Have we forgotten how to cook?
In today’s fast-paced world of cell phones that are more like computers than phones, instant everything and two-income households (if you are lucky), cooking has kind of taken a back seat. Frozen boxed dinners, take out, and canned goods have become the “go-to foods” of many people’s everyday lives.
Just the knowledge of how to cook has started to become lost. The ones who can cook are looked at in wonder, as if they know some ancient secret that everyday folks don’t know, or just don’t want to know.
What happened? How on earth did we get here?
Maybe when we asked women to leave the kitchen and get jobs — way back when — we should have demanded that the men get in the kitchen. Maybe home economics should have been a required course to graduate high school — nothing fancy, just some basic knife skills and the proficiency to cook a couple of dishes using a few basic ingredients.
Somehow we seem to have gone wrong. That fundamental connection between fridge and store … somehow lost to the masses … or maybe just blocked by the microwave.
I mean really, how much do we stand to lose? In my opinion — a lot. We lose that connection with our past, our history really, and stop any forward progress we might make by being, not just introduced, but by learning something new and incorporating that into our methods.

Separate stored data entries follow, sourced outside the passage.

(* C^1-closeness of h g h^-1 to id gives conj_close, by evaluating at h u and
   by the mean value theorem. *)
Lemma conj_close_of_C1_close h hi g e : Diff1p a b h -> inverse_on a b h hi -> Diff1p a b g ->
  C1_close a b (fun x => h (g (hi x))) (fun x => x) e -> conj_close h g e.
Proof.
  intros Dh Hhi Dg Hc.
  destruct (inverse_deriv_exists h hi Dh Hhi) as [dhi Hdhi].
  destruct (diff_deriv g Dg) as [dg [Hdg _]].
  destruct (diff_deriv h Dh) as [dh [Hdh _]].
  assert (Hhi_I : forall x, I x -> I (hi x)) by (intros x Hx; apply (Hhi x Hx)).
  assert (Dghi : deriv_on a b (fun x => g (hi x)) (fun x => dg (hi x) * dhi x)).
  { apply deriv_comp; auto. apply inverse_inj with h; auto. }
  assert (Dconj := deriv_comp _ _ _ _ Dghi Hdh).
  specialize (Dconj (fun x Hx => diff_maps_I g Dg (hi x) (Hhi_I x Hx))).
  specialize (Dconj (fun x y Hx Hy E => inverse_inj h hi Hhi x y Hx Hy
                      (increasing_inj g (diff_increasing g Dg) _ _ (Hhi_I x Hx) (Hhi_I y Hy) E))).
  specialize (Hc _ _ Dconj deriv_id).
  assert (Key : forall u, I u -> h (g (hi (h u))) = h (g u)).
  { intros u Hu; destruct (Hhi u Hu) as [_ [_ [_ E]]]; rewrite E; auto. }
  split.
  - intros u Hu; destruct (Hc (h u) (diff_maps_I h Dh u Hu)) as [H1 _].
    rewrite Key in H1; auto; lra.
  - intros u v Hu Hv.
    rewrite <- (Key u Hu), <- (Key v Hv).
    apply (deriv_near_one_increments _ _ e Dconj); try (apply diff_maps_I; auto).
    intros x Hx; left; apply (Hc x Hx).
Qed.

Lemma convex_relative_bound l e A0 B0 A1 B1 : 0 <= l <= 1 ->
  Rabs (A0 - B0) <= e * Rabs B0 -> Rabs (A1 - B1) <= e * Rabs B1 ->
  (0 <= B0 /\ 0 <= B1) \/ (B0 <= 0 /\ B1 <= 0) ->
  Rabs ((A0 + l * (A1 - A0)) - (B0 + l * (B1 - B0))) <= e * Rabs (B0 + l * (B1 - B0)).
Proof.
  intros Hl H0 H1 Hs.
  replace ((A0 + l * (A1 - A0)) - (B0 + l * (B1 - B0)))
    with ((1 - l) * (A0 - B0) + l * (A1 - B1)) by ring.
  eapply Rle_trans; [apply Rabs_triang|].
  rewrite !Rabs_mult, (Rabs_right (1 - l)), (Rabs_right l) by lra.
  assert (E : Rabs (B0 + l * (B1 - B0)) = (1 - l) * Rabs B0 + l * Rabs B1).
  { replace (B0 + l * (B1 - B0)) with ((1 - l) * B0 + l * B1) by ring.
    destruct Hs as [[P0 P1]|[P0 P1]].
    - rewrite !Rabs_right; nra.
    - rewrite Rabs_left1, (Rabs_left1 B0), (Rabs_left1 B1); nra. }
  rewrite E.
  assert ((1 - l) * Rabs (A0 - B0) <= (1 - l) * (e * Rabs B0)) by (apply Rmult_le_compat_l; lra).
  assert (l * Rabs (A1 - B1) <= l * (e * Rabs B1)) by (apply Rmult_le_compat_l; lra).
  lra.
Qed.

Lemma conj_close_convex_comb h0 h1 g l e : increasing_on h0 -> increasing_on h1 ->
  0 <= l <= 1 -> conj_close h0 g e -> conj_close h1 g e ->
  conj_close (convex_comb h0 h1 l) g e.
Proof.
  intros I0 I1 Hl [P0 Q0] [P1 Q1]; unfold convex_comb; split.
  - intros u Hu; specialize (P0 u Hu); specialize (P1 u Hu).
    replace (h0 (g u) + l * (h1 (g u) - h0 (g u)) - (h0 u + l * (h1 u - h0 u)))
      with ((1 - l) * (h0 (g u) - h0 u) + l * (h1 (g u) - h1 u)) by ring.
    eapply Rle_trans; [apply Rabs_triang|].
    rewrite !Rabs_mult, (Rabs_right (1 - l)), (Rabs_right l) by lra.
    assert ((1 - l) * Rabs (h0 (g u) - h0 u) <= (1 - l) * e) by (apply Rmult_le_compat_l; lra).
    assert (l * Rabs (h1 (g u) - h1 u) <= l * e) by (apply Rmult_le_compat_l; lra).
    lra.
  - intros u v Hu Hv.
    replace (h0 (g v) + l * (h1 (g v) - h0 (g v)) - (h0 (g u) + l * (h1 (g u) - h0 (g u))))
      with ((h0 (g v) - h0 (g u)) + l * ((h1 (g v) - h1 (g u)) - (h0 (g v) - h0 (g u))))
      by ring.
    replace (h0 v + l * (h1 v - h0 v) - (h0 u + l * (h1 u - h0 u)))
      with ((h0 v - h0 u) + l * ((h1 v - h1 u) - (h0 v - h0 u))) by ring.
    apply convex_relative_bound; auto.
    destruct (Rtotal_order u v) as [lt|[eq|gt]].
    + left; pose proof (I0 u v Hu Hv lt); pose proof (I1 u v Hu Hv lt); lra.
    + left; subst; lra.
    + right; pose proof (I0 v u Hv Hu gt); pose proof (I1 v u Hv Hu gt); lra.
Qed.

(* Conversely, conj_close H g e gives C^1-closeness of H g H^-1 to id at any
   scale eps > e (the derivative bound comes from the increments). *)
Lemma C1_close_of_conj_close H HI g e eps : inverse_on a b H HI ->
  conj_close H g e -> e < eps -> C1_close a b (fun x => H (g (HI x))) (fun x => x) eps.
Proof.
  intros Hinv [P Q] He df dg Hdf Hdg x Hx; cbv beta.
  rewrite (deriv_unique _ _ _ Hdg deriv_id x Hx).
  split.
  - destruct (Hinv x Hx) as [_ [Iu [Eu _]]].
    specialize (P (HI x) Iu); rewrite Eu in P; lra.
  - assert (B : Rabs (df x - 1) <= e); [|lra].
    apply (increments_near_one_deriv _ df e Hdf); auto.
    intros y z Hy Hz.
    destruct (Hinv y Hy) as [_ [Iv [Ev _]]]; destruct (Hinv z Hz) as [_ [Iw [Ew _]]].
    specialize (Q (HI y) (HI z) Iv Iw); rewrite Ev, Ew in Q; exact Q.
Qed.

End Segment.

Definition flr (r : R) : nat := Z.to_nat (Int_part r).

Lemma flr_spec r : 0 <= r -> INR (flr r) <= r < INR (flr r) + 1.
Proof.
  intros Hr; destruct (base_Int_part r) as [H1 H2].
  assert (Hz : (0 <= Int_part r)%Z) by (assert (-1 < Int_part r)%Z by (apply lt_IZR; lra); lia).
  unfold flr; rewrite INR_IZR_INZ, Z2Nat.id by exact Hz; lra.
Qed.

Lemma flr_eq n r : INR n <= r < INR n + 1 -> flr r = n.
Proof.
  intros Hn; pose proof (flr_spec r ltac:(pose proof (pos_INR n); lra)) as Hm.
  destruct (lt_eq_lt_dec (flr r) n) as [[lt|eq]|gt]; auto.
  - assert (INR (S (flr r)) <= INR n) by (apply le_INR; lia); rewrite S_INR in *; lra.
  - assert (INR (S n) <= INR (flr r)) by (apply le_INR; lia); rewrite S_INR in *; lra.
Qed.

Definition interp_path (h : nat -> R -> R) (r : R) : R -> R :=
  convex_comb (h (flr r)) (h (S (flr r))) (r - INR (flr r)).

Lemma interp_path_seg h m r : INR m <= r <= INR m + 1 ->
  forall x, interp_path h r x = convex_comb (h m) (h (S m)) (r - INR m) x.
Proof.
  intros [H1 H2] x; unfold interp_path, convex_comb; destruct H2 as [H2|H2].
  - rewrite (flr_eq m r); auto.
  - rewrite (flr_eq (S m) r); [| rewrite S_INR; lra].
    rewrite S_INR, H2; ring.
Qed.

American food, as we know it, is a mash up of so many cultures. All one has to look to is dishes like gumbo, pizza, and the humble hot dog. Well yes — that is what food is — an ever-evolving collage of ingredients, people, and ideas.
Yet somehow we have let big corporations sell us frozen rubbish, loaded with preservatives and tell us it is good for us. Our ballooning obesity problem in America couldn’t have anything to do with this … right?
So let’s start bugging mom, grandma, or grandpa. Let’s not lose something so precious, so vital. I mean, everybody has got to eat, right? Why not do it well?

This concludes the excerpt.